Walmart (NYSE: WMT) stock is the second-best-performing investment in the Dow Jones Industrial Average this year. That result might seem strange given that the retailer isn't nearly as profitable as the AI-powered tech giants that have dominated headlines in the past year.
Walmart does have exposure to some attractive tech spaces, of course. But it is still a retailing stock, with all the limited growth and earnings opportunities that come with operating in that competitive sector. Still, the stock looks attractive, even following its market-thumping rally through most of 2024. Let's look at three reasons why.

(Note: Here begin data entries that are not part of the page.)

Lemma Gamma_comm a b : Gamma S a -> Gamma S b -> a * b = b * a.
Proof.
  intros Ha Hb. pose proof (ract_Gamma a b Ha) as H.
  rewrite (ract_by_Gamma b a Hb), mulA in H. rewrite H at 2. symmetry. apply mulKVg.
Qed.

Lemma coset_refl x : coset S x x.
Proof. unfold coset. rewrite mulVg. apply Gamma1. Qed.
Lemma coset_sym x y : coset S x y -> coset S y x.
Proof. unfold coset. intro H. apply GammaV in H. rewrite invMg, invgK in H. exact H. Qed.
Lemma coset_trans x y z : coset S x y -> coset S y z -> coset S x z.
Proof.
  unfold coset. intros H1 H2. pose proof (GammaM _ _ H1 H2) as H.
  rewrite mulA, mulKVg in H. exact H.
Qed.

Lemma sim_coset x y : sim S x y <-> coset S x y.
Proof.
  unfold coset, sim. split.
  - intros H u. rewrite lact_mul_by, <- H. apply lactK.
  - intros H z. rewrite <- (mulKVg x y), lact_mul_by, H. reflexivity.
Qed.

Lemma cosetP x y : coset S x y -> exists c, Gamma S c /\ y = x * c.
Proof. intro H. exists (x⁻¹ * y). split; [exact H | symmetry; apply mulKVg]. Qed.

Lemma coset_mul x y x' y' : coset S x x' -> coset S y y' -> coset S (x * y) (x' * y').
Proof.
  intros Hx Hy. destruct (cosetP _ _ Hx) as [c [Hc ->]]. destruct (cosetP _ _ Hy) as [d [Hd ->]].
  unfold coset. rewrite invMg, !mulA, mulKg, <- !mulA.
  apply GammaM; [apply Gamma_conjVg |]; assumption.
Qed.

Lemma coset_inv x x' : coset S x x' -> coset S x⁻¹ x'⁻¹.
Proof.
  intro Hx. destruct (cosetP _ _ Hx) as [c [Hc ->]].
  unfold coset. rewrite invgK, invMg, <- mulA. apply Gamma_conjg, GammaV, Hc.
Qed.

Lemma coset_lact x y x' y' :
  coset S x x' -> coset S y y' -> coset S (lact S x y) (lact S x' y').
Proof.
  intros Hx Hy. destruct (cosetP _ _ Hx) as [c [Hc ->]]. destruct (cosetP _ _ Hy) as [d [Hd ->]].
  unfold coset. rewrite lact_mul_by, Hc, lact_mul, (lact_Gamma _ _ Hd), mulKg.
  apply Gamma_conjg, Hd.
Qed.

Lemma coset_ract x y x' y' :
  coset S x x' -> coset S y y' -> coset S (ract S x y) (ract S x' y').
Proof.
  intros Hx Hy. destruct (cosetP _ _ Hx) as [c [Hc ->]]. destruct (cosetP _ _ Hy) as [d [Hd ->]].
  unfold coset. rewrite ract_mul_by, (ract_by_Gamma _ _ Hd), ract_mul, Hc,
    (ract_Gamma _ _ Hc), mulKg.
  apply Gamma_conjVg, Hc.
Qed.

Lemma mkTilde_eq a b : mkTilde S a = mkTilde S b <-> coset S a b.
Proof. exact (class_mk_eq (coset S) coset_refl coset_sym coset_trans a b). Qed.

Lemma repT_mk a : coset S (repT (mkTilde S a)) a.
Proof. exact (class_rep_mk (coset S) coset_refl coset_sym coset_trans a). Qed.

Lemma mkRet_eq a b : mkRet S a = mkRet S b <-> coset S a b.
Proof.
  change (class_mk (cls S) a = class_mk (cls S) b <-> coset S a b).
  rewrite class_mk_eq; unfold cls.
  - rewrite sim_coset. split; apply coset_sym.
  - intros x z. reflexivity.
  - intros x y H z. symmetry; apply H.
  - intros x y w H1 H2 z. rewrite H2. apply H1.
Qed.

Lemma repR_mk a : coset S (repR (mkRet S a)) a.
Proof. apply mkRet_eq. apply (class_mk_rep (cls S)). Qed.

Lemma phi_mk a : phi (mkTilde S a) = mkRet S a.
Proof. apply mkRet_eq, repT_mk. Qed.

Lemma mulTilde_mk a b : mulTilde (mkTilde S a) (mkTilde S b) = mkTilde S (a * b).
Proof. apply mkTilde_eq, coset_mul; apply repT_mk. Qed.

Lemma rTilde_mk a b :
  rTilde (mkTilde S a, mkTilde S b) = (mkTilde S (lact S a b), mkTilde S (ract S a b)).
Proof.
  unfold rTilde; simpl. f_equal; apply mkTilde_eq;
    [apply coset_lact | apply coset_ract]; apply repT_mk.
Qed.

Lemma mulRet_mk a b : mulRet (mkRet S a) (mkRet S b) = mkRet S (a * b).
Proof. apply mkRet_eq, coset_mul; apply repR_mk. Qed.
Lemma invRet_mk a : invRet (mkRet S a) = mkRet S a⁻¹.
Proof. apply mkRet_eq, coset_inv, repR_mk. Qed.
Lemma lactRet_mk a b : lactRet (mkRet S a) (mkRet S b) = mkRet S (lact S a b).
Proof. apply mkRet_eq, coset_lact; apply repR_mk. Qed.
Lemma ractRet_mk a b : ractRet (mkRet S a) (mkRet S b) = mkRet S (ract S a b).
Proof. apply mkRet_eq, coset_ract; apply repR_mk. Qed.

Lemma Tilde_surj (X : Tilde S) : exists a, X = mkTilde S a.
Proof. exists (repT X). symmetry. apply (class_mk_rep (coset S)). Qed.
Lemma Ret_surj (Z : Ret S) : exists a, mkRet S a = Z.
Proof. exists (repR Z). apply (class_mk_rep (cls S)). Qed.

Lemma Ret_is_symgroup :
  is_symgroup (@mulRet S) (oneRet S) (@invRet S) (@lactRet S) (@ractRet S).
Proof.
  apply (is_symgroup_surj_image (smul S) (sone S) (@sinv S) (@lact S) (@ract S)
           _ _ _ _ _ (mkRet S) Ret_surj);
    try reflexivity; try exact HS; intros; symmetry;
    auto using mulRet_mk, invRet_mk, lactRet_mk, ractRet_mk.
Qed.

Walmart is serving more customers this year, with shopper traffic up 3% in the third quarter compared to a year earlier. That's great news for any large retailer. Target, by contrast, expanded traffic at a 2.4% rate for the same period.
Yet it's arguably more important that Walmart is catering to a wider demographic these days. Sure, most people still visit its stores seeking the best bargains, especially following the last few years of inflationary price spikes.
But Walmart is now attracting higher-income shoppers through its e-commerce platform. That division this year crossed $100 billion in annual sales and expanded at a healthy 27% rate this past quarter. "In-store volumes grew, pickup from store grew faster, and delivery from store grew even faster," CEO Doug McMillon said in mid-November.
Walmart's competitive advantages are translating into some major financial wins for investors. Cash flow and profitability are both rising thanks to factors that go beyond just market share gains. Walmart is making money on its e-commerce segment, for example, after over a decade of aggressive infrastructure spending. Price cuts and inventory slimming have paid off as well.
Complementary revenue streams like digital advertising are helping boost profits, too. Overall, operating earnings are up 9% over the past nine months, which is fantastic for a business that's generating almost $700 billion of revenue each year.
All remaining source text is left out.